## REQUIRED ACTION
Entries follow. Give back exactly the lines starting at the one containing "exists (maxn N B); split=> [i hi | q p hqp]." and ending at the one containing "a (2 + k * p + b)%N.", and no other lines.

Stored items
Segment Open
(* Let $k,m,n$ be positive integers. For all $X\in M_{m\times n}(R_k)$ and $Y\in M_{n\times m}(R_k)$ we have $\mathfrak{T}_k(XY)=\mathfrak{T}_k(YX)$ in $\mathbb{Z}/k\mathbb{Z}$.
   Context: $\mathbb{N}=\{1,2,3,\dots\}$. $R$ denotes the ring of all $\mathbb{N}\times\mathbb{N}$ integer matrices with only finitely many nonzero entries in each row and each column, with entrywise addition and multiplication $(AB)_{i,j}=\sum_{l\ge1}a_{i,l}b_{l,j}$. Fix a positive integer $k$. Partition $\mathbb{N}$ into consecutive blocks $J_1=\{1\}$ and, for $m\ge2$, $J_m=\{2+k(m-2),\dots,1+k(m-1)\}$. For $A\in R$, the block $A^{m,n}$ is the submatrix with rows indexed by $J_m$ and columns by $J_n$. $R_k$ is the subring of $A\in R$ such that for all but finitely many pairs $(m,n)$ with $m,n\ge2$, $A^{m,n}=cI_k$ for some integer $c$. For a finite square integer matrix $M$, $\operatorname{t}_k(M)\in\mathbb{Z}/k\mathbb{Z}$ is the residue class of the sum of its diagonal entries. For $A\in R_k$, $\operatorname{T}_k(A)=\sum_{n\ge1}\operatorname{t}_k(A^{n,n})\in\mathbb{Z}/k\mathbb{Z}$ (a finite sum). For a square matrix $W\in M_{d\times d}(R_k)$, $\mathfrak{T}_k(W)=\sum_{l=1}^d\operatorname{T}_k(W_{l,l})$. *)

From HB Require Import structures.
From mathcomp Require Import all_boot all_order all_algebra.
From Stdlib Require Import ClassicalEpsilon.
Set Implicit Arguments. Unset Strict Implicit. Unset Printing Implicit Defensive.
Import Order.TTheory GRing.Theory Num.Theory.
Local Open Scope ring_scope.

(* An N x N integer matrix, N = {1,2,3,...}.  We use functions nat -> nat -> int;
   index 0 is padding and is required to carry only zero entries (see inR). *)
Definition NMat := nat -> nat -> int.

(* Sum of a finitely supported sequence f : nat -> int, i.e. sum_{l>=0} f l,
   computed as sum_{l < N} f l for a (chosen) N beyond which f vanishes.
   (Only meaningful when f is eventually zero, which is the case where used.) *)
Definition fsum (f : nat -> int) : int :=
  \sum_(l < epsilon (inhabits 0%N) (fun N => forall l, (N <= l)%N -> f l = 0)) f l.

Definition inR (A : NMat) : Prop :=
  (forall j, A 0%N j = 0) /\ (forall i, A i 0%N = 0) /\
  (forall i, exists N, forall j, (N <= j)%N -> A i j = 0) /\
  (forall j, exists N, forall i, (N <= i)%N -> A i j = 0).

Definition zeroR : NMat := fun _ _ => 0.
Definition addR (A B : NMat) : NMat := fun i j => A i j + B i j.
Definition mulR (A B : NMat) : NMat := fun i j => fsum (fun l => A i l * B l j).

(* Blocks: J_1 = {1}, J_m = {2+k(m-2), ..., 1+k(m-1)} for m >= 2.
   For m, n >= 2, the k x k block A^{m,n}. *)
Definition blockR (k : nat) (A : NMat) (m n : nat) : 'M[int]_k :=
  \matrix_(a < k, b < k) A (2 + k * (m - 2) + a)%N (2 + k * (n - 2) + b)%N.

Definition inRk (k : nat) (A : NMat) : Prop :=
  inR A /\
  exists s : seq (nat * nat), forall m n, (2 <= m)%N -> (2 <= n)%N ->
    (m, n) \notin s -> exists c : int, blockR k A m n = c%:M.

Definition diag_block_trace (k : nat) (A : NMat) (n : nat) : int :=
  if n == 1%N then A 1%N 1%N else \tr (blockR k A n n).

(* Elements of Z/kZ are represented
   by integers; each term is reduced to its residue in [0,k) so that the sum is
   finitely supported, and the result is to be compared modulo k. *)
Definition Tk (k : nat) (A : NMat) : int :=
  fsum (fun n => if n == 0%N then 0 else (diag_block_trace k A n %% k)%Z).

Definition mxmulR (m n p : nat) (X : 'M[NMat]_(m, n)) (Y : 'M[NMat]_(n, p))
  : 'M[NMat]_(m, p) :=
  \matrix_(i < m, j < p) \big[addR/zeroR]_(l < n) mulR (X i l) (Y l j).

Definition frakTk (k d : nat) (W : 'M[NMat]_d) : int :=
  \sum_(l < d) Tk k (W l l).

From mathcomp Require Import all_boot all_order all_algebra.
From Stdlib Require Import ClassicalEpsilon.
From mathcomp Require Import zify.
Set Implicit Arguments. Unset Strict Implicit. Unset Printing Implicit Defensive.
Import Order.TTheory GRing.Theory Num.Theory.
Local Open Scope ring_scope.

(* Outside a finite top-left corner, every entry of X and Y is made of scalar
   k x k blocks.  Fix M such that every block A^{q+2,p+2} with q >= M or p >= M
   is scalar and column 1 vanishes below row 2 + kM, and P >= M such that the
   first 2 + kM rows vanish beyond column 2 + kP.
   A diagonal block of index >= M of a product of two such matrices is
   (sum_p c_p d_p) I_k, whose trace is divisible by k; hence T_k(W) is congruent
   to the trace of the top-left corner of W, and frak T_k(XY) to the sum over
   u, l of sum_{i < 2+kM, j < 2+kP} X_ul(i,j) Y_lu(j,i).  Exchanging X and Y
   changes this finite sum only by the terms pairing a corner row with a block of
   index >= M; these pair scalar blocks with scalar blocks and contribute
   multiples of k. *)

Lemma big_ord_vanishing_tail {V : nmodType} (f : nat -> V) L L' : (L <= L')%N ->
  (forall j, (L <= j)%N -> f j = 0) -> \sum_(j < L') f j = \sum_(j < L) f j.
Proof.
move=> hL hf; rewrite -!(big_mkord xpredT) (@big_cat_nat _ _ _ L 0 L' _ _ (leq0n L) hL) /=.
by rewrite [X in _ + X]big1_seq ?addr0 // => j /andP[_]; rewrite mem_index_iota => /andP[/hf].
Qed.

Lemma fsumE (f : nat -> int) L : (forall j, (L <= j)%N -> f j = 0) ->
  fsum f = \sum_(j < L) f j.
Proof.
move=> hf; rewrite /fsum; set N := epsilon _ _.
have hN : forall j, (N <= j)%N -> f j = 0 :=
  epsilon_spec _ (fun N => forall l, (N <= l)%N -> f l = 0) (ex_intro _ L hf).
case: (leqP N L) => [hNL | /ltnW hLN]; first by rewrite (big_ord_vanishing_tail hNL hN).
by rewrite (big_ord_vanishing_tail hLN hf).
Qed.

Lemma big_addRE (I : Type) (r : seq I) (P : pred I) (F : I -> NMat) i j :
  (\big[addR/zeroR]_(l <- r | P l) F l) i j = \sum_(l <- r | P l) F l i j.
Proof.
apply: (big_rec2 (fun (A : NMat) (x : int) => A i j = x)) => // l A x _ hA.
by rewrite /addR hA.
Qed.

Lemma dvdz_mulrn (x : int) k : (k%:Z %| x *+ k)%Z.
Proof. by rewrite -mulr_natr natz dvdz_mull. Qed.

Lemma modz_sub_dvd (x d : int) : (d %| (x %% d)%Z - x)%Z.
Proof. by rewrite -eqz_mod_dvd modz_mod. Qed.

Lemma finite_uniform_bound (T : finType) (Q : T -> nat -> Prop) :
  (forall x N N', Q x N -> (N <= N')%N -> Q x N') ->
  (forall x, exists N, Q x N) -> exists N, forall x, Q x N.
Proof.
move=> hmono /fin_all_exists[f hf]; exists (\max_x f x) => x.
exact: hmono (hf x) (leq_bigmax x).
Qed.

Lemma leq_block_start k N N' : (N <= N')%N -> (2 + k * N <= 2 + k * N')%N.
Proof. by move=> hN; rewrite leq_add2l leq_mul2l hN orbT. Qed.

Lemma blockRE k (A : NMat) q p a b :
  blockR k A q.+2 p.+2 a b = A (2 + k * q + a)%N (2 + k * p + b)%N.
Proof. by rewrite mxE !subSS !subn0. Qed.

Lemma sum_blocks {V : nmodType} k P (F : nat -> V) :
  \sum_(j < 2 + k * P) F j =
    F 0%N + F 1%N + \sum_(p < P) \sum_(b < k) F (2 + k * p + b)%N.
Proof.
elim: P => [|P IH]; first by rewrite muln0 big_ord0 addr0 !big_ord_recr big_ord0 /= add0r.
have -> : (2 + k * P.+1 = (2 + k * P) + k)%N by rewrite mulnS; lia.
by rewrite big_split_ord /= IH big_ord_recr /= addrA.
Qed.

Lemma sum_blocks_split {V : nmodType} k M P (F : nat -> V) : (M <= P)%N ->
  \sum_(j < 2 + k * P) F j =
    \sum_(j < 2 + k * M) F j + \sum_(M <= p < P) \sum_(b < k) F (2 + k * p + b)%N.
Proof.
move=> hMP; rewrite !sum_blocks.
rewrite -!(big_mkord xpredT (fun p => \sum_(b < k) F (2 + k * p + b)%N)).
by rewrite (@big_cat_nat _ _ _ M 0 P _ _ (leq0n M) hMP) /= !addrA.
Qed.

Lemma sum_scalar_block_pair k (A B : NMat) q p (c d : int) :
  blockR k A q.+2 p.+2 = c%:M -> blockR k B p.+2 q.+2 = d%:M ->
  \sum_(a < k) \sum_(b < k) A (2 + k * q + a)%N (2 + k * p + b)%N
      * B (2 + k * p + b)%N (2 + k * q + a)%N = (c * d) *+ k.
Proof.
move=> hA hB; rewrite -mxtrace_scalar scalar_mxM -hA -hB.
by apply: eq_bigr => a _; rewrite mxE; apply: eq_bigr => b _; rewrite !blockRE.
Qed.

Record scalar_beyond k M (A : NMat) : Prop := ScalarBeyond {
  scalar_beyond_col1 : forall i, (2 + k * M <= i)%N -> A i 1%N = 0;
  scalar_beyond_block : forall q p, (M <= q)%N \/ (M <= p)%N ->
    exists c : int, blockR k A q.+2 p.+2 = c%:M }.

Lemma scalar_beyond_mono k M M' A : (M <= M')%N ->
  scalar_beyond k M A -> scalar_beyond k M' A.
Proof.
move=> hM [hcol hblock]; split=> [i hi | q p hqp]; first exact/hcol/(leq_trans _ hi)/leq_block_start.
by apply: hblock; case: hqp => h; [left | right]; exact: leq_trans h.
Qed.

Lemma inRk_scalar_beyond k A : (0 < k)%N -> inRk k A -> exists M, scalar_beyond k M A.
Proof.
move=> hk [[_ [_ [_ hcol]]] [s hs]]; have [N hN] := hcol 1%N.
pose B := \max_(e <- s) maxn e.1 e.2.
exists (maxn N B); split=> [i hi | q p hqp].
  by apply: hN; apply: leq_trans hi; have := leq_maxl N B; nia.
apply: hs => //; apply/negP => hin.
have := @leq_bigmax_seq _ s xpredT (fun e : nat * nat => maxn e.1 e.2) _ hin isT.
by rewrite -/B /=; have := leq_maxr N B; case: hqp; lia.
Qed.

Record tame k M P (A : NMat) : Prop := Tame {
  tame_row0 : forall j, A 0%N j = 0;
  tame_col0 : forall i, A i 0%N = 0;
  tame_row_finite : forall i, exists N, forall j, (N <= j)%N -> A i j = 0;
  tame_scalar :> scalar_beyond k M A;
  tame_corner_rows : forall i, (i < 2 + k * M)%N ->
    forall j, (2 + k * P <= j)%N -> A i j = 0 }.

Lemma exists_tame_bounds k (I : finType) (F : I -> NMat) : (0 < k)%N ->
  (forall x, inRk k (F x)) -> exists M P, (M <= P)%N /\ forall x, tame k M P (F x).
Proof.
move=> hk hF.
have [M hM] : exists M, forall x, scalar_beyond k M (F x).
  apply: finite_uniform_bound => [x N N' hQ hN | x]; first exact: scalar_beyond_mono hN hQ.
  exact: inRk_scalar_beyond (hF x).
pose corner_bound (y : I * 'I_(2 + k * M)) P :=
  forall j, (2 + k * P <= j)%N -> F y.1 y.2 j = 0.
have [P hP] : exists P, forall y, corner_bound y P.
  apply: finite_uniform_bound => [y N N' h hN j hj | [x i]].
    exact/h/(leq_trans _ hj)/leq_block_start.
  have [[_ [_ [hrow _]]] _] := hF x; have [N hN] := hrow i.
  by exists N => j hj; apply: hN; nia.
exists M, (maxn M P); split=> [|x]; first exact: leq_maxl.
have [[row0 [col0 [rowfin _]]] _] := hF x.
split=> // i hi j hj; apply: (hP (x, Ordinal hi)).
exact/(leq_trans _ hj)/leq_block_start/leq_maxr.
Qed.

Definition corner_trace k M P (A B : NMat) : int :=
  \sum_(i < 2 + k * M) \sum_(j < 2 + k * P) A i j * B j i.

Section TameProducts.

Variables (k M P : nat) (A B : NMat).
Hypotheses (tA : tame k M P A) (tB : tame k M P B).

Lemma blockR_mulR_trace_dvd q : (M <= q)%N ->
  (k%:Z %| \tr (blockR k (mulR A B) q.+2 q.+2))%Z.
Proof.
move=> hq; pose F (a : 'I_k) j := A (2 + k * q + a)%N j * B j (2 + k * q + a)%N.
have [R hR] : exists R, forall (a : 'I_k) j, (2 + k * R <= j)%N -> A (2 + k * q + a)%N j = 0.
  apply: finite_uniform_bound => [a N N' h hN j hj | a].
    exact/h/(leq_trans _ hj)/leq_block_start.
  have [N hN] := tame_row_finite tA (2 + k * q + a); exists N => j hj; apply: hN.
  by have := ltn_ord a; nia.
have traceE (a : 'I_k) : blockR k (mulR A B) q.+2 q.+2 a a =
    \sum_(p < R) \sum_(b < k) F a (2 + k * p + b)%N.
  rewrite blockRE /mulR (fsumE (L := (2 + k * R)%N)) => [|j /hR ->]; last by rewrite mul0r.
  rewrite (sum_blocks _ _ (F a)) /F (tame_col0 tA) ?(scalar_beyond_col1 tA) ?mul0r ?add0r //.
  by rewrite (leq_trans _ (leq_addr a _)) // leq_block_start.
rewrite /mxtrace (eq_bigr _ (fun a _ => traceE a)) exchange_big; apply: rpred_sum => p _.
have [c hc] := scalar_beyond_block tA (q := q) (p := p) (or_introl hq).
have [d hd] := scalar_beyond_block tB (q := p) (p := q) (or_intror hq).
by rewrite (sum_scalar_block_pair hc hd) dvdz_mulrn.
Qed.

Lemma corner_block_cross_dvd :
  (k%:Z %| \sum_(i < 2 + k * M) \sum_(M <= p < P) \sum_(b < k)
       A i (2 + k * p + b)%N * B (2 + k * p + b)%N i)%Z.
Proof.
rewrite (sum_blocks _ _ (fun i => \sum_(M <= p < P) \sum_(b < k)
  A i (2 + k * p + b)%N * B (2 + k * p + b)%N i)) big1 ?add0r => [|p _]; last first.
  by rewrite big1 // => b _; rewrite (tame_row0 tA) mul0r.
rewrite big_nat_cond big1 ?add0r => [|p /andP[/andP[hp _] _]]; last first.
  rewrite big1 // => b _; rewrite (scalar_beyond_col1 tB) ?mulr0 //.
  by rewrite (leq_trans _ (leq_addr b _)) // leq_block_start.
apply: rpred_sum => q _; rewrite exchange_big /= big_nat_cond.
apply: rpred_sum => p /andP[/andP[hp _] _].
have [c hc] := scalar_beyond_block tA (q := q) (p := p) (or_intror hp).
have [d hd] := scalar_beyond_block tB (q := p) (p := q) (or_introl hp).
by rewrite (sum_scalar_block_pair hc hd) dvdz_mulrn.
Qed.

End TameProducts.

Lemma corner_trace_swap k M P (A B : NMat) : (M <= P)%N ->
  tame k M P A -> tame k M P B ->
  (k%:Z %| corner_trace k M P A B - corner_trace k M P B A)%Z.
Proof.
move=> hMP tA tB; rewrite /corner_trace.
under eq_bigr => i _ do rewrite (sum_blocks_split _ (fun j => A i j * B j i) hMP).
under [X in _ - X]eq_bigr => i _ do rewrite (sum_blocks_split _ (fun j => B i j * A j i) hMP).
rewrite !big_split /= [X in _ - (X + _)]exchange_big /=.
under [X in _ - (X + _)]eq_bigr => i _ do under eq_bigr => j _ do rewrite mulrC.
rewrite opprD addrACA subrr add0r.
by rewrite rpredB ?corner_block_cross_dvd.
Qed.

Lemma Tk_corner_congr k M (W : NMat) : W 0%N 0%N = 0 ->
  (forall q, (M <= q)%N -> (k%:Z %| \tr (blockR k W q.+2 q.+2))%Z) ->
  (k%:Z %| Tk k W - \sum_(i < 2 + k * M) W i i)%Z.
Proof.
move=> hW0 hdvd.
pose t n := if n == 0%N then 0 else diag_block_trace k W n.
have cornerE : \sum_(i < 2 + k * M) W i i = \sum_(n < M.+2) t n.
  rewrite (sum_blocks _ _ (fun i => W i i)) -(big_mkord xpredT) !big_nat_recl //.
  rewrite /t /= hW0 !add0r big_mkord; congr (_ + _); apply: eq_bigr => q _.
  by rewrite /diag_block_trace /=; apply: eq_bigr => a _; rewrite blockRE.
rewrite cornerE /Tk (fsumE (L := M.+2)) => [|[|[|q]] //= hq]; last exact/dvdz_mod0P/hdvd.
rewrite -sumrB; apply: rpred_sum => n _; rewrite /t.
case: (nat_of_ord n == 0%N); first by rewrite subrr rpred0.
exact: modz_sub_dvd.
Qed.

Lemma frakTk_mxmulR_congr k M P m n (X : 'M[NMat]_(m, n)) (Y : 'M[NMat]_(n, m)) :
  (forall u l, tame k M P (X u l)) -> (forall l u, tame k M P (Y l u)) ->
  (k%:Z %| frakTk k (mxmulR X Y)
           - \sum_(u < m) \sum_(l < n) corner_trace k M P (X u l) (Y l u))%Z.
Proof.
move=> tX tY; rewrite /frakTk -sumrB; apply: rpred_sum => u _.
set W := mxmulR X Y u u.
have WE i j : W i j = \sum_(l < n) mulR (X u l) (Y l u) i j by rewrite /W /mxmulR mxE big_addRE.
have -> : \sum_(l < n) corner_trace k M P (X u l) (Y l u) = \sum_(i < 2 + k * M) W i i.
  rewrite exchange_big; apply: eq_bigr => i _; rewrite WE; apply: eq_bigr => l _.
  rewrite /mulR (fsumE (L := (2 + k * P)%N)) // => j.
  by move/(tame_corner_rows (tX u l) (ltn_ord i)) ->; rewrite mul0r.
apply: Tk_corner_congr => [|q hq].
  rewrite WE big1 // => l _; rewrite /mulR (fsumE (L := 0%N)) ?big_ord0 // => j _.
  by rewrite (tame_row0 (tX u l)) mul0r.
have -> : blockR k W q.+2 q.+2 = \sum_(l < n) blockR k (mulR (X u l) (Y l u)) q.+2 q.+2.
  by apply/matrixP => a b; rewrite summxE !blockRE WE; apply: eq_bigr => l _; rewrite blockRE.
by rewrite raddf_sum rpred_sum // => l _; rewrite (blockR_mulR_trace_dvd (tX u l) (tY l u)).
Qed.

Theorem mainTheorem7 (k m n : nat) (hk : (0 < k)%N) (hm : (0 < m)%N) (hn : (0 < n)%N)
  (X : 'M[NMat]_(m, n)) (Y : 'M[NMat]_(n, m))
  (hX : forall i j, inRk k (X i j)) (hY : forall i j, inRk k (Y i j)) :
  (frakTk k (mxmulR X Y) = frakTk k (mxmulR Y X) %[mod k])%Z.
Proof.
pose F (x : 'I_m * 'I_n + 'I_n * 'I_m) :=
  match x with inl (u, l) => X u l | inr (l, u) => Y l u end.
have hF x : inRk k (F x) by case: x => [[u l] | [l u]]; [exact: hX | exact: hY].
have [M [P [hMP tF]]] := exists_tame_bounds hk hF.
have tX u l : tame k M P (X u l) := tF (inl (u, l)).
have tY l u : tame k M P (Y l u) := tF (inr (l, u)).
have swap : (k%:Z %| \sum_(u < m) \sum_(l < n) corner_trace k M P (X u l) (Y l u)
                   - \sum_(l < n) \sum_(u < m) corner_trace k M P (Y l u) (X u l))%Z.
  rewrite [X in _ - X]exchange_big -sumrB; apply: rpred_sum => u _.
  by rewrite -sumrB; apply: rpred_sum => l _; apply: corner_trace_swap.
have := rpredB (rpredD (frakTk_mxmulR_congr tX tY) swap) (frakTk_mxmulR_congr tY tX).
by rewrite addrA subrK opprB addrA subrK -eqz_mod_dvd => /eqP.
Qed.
Segment Closed
## SOLUTION TO THIS TASK
exists (maxn N B); split=> [i hi | q p hqp].
  by apply: hN; apply: leq_trans hi; have := leq_maxl N B; nia.
apply: hs => //; apply/negP => hin.
have := @leq_bigmax_seq _ s xpredT (fun e : nat * nat => maxn e.1 e.2) _ hin isT.
by rewrite -/B /=; have := leq_maxr N B; case: hqp; lia.
Qed.

Record tame k M P (A : NMat) : Prop := Tame {
  tame_row0 : forall j, A 0%N j = 0;
  tame_col0 : forall i, A i 0%N = 0;
  tame_row_finite : forall i, exists N, forall j, (N <= j)%N -> A i j = 0;
  tame_scalar :> scalar_beyond k M A;
  tame_corner_rows : forall i, (i < 2 + k * M)%N ->
    forall j, (2 + k * P <= j)%N -> A i j = 0 }.

Lemma exists_tame_bounds k (I : finType) (F : I -> NMat) : (0 < k)%N ->
  (forall x, inRk k (F x)) -> exists M P, (M <= P)%N /\ forall x, tame k M P (F x).
Proof.
move=> hk hF.
have [M hM] : exists M, forall x, scalar_beyond k M (F x).
  apply: finite_uniform_bound => [x N N' hQ hN | x]; first exact: scalar_beyond_mono hN hQ.
  exact: inRk_scalar_beyond (hF x).
pose corner_bound (y : I * 'I_(2 + k * M)) P :=
  forall j, (2 + k * P <= j)%N -> F y.1 y.2 j = 0.
have [P hP] : exists P, forall y, corner_bound y P.
  apply: finite_uniform_bound => [y N N' h hN j hj | [x i]].
    exact/h/(leq_trans _ hj)/leq_block_start.
  have [[_ [_ [hrow _]]] _] := hF x; have [N hN] := hrow i.
  by exists N => j hj; apply: hN; nia.
exists M, (maxn M P); split=> [|x]; first exact: leq_maxl.
have [[row0 [col0 [rowfin _]]] _] := hF x.
split=> // i hi j hj; apply: (hP (x, Ordinal hi)).
exact/(leq_trans _ hj)/leq_block_start/leq_maxr.
Qed.

Definition corner_trace k M P (A B : NMat) : int :=
  \sum_(i < 2 + k * M) \sum_(j < 2 + k * P) A i j * B j i.

Section TameProducts.

Variables (k M P : nat) (A B : NMat).
Hypotheses (tA : tame k M P A) (tB : tame k M P B).

Lemma blockR_mulR_trace_dvd q : (M <= q)%N ->
  (k%:Z %| \tr (blockR k (mulR A B) q.+2 q.+2))%Z.
Proof.
move=> hq; pose F (a : 'I_k) j := A (2 + k * q + a)%N j * B j (2 + k * q + a)%N.
have [R hR] : exists R, forall (a : 'I_k) j, (2 + k * R <= j)%N -> A (2 + k * q + a)%N j = 0.
  apply: finite_uniform_bound => [a N N' h hN j hj | a].
    exact/h/(leq_trans _ hj)/leq_block_start.
  have [N hN] := tame_row_finite tA (2 + k * q + a); exists N => j hj; apply: hN.
  by have := ltn_ord a; nia.
have traceE (a : 'I_k) : blockR k (mulR A B) q.+2 q.+2 a a =
    \sum_(p < R) \sum_(b < k) F a (2 + k * p + b)%N.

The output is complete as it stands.